** Excerpted records follows **

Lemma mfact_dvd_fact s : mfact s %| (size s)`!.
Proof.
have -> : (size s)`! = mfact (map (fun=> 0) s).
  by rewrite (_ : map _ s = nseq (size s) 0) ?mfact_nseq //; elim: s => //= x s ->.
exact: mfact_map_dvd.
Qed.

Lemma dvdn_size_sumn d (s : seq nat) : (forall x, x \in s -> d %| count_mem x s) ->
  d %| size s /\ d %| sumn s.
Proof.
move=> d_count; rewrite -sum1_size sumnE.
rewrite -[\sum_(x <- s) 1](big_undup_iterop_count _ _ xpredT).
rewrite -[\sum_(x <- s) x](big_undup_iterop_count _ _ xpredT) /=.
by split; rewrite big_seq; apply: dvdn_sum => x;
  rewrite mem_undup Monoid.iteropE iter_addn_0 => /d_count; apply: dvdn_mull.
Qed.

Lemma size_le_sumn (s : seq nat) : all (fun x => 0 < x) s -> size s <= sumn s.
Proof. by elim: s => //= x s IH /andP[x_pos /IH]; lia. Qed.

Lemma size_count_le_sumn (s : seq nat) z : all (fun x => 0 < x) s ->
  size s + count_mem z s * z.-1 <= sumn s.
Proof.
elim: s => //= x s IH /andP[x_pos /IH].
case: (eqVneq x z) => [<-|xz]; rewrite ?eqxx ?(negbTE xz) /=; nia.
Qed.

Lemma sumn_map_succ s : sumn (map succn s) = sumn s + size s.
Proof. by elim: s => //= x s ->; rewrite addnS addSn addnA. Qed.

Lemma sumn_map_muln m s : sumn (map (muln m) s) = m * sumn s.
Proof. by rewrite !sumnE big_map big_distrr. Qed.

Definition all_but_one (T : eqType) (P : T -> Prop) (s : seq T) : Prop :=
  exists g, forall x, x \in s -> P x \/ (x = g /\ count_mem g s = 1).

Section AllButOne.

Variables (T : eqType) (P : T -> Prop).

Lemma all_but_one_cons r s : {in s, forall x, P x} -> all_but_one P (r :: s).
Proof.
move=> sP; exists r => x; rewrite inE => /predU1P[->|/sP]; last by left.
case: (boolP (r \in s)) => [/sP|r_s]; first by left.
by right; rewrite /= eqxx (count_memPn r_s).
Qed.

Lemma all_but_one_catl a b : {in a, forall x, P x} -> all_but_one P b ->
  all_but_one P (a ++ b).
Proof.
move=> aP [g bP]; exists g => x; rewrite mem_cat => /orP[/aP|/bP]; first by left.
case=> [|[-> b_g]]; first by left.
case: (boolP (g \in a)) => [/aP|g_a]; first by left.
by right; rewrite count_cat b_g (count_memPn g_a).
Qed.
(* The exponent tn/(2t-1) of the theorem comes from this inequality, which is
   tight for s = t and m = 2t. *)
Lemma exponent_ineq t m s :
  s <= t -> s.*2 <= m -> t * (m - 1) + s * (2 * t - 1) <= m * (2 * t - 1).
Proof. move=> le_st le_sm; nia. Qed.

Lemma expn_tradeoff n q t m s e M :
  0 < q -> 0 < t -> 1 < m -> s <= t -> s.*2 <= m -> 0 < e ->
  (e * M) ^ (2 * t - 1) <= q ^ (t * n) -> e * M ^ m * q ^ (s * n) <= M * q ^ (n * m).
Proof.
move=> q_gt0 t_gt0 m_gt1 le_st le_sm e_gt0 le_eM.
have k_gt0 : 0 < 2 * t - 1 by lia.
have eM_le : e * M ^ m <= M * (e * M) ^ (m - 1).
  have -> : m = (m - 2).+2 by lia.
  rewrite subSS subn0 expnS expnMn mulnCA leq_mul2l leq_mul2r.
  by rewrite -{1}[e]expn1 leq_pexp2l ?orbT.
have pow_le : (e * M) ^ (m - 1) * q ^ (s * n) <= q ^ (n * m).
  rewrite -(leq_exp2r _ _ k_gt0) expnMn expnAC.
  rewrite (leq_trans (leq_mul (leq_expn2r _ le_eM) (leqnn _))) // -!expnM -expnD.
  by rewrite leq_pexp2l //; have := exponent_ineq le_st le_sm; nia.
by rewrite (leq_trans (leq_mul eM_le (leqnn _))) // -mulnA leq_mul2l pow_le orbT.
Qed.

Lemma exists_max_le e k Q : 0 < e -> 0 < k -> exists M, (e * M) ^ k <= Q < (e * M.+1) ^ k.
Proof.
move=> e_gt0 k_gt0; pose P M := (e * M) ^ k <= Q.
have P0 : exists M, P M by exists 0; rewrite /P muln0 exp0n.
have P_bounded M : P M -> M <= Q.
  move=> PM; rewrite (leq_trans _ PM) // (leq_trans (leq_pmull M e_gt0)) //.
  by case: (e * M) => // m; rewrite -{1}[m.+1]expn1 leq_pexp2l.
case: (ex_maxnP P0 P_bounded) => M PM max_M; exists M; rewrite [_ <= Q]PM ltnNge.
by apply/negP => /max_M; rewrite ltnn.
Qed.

** End of Excerpted records **

_What you will do_.
Output only an exact transcription of the lines above from the one with "move=> sP; exists" up to and including the one with "(* The exponent".

_Result for this task_.
move=> sP; exists r => x; rewrite inE => /predU1P[->|/sP]; last by left.
case: (boolP (r \in s)) => [/sP|r_s]; first by left.
by right; rewrite /= eqxx (count_memPn r_s).
Qed.

Lemma all_but_one_catl a b : {in a, forall x, P x} -> all_but_one P b ->
  all_but_one P (a ++ b).
Proof.
move=> aP [g bP]; exists g => x; rewrite mem_cat => /orP[/aP|/bP]; first by left.
case=> [|[-> b_g]]; first by left.
case: (boolP (g \in a)) => [/aP|g_a]; first by left.
by right; rewrite count_cat b_g (count_memPn g_a).
Qed.
(* The exponent tn/(2t-1) of the theorem comes from this inequality, which is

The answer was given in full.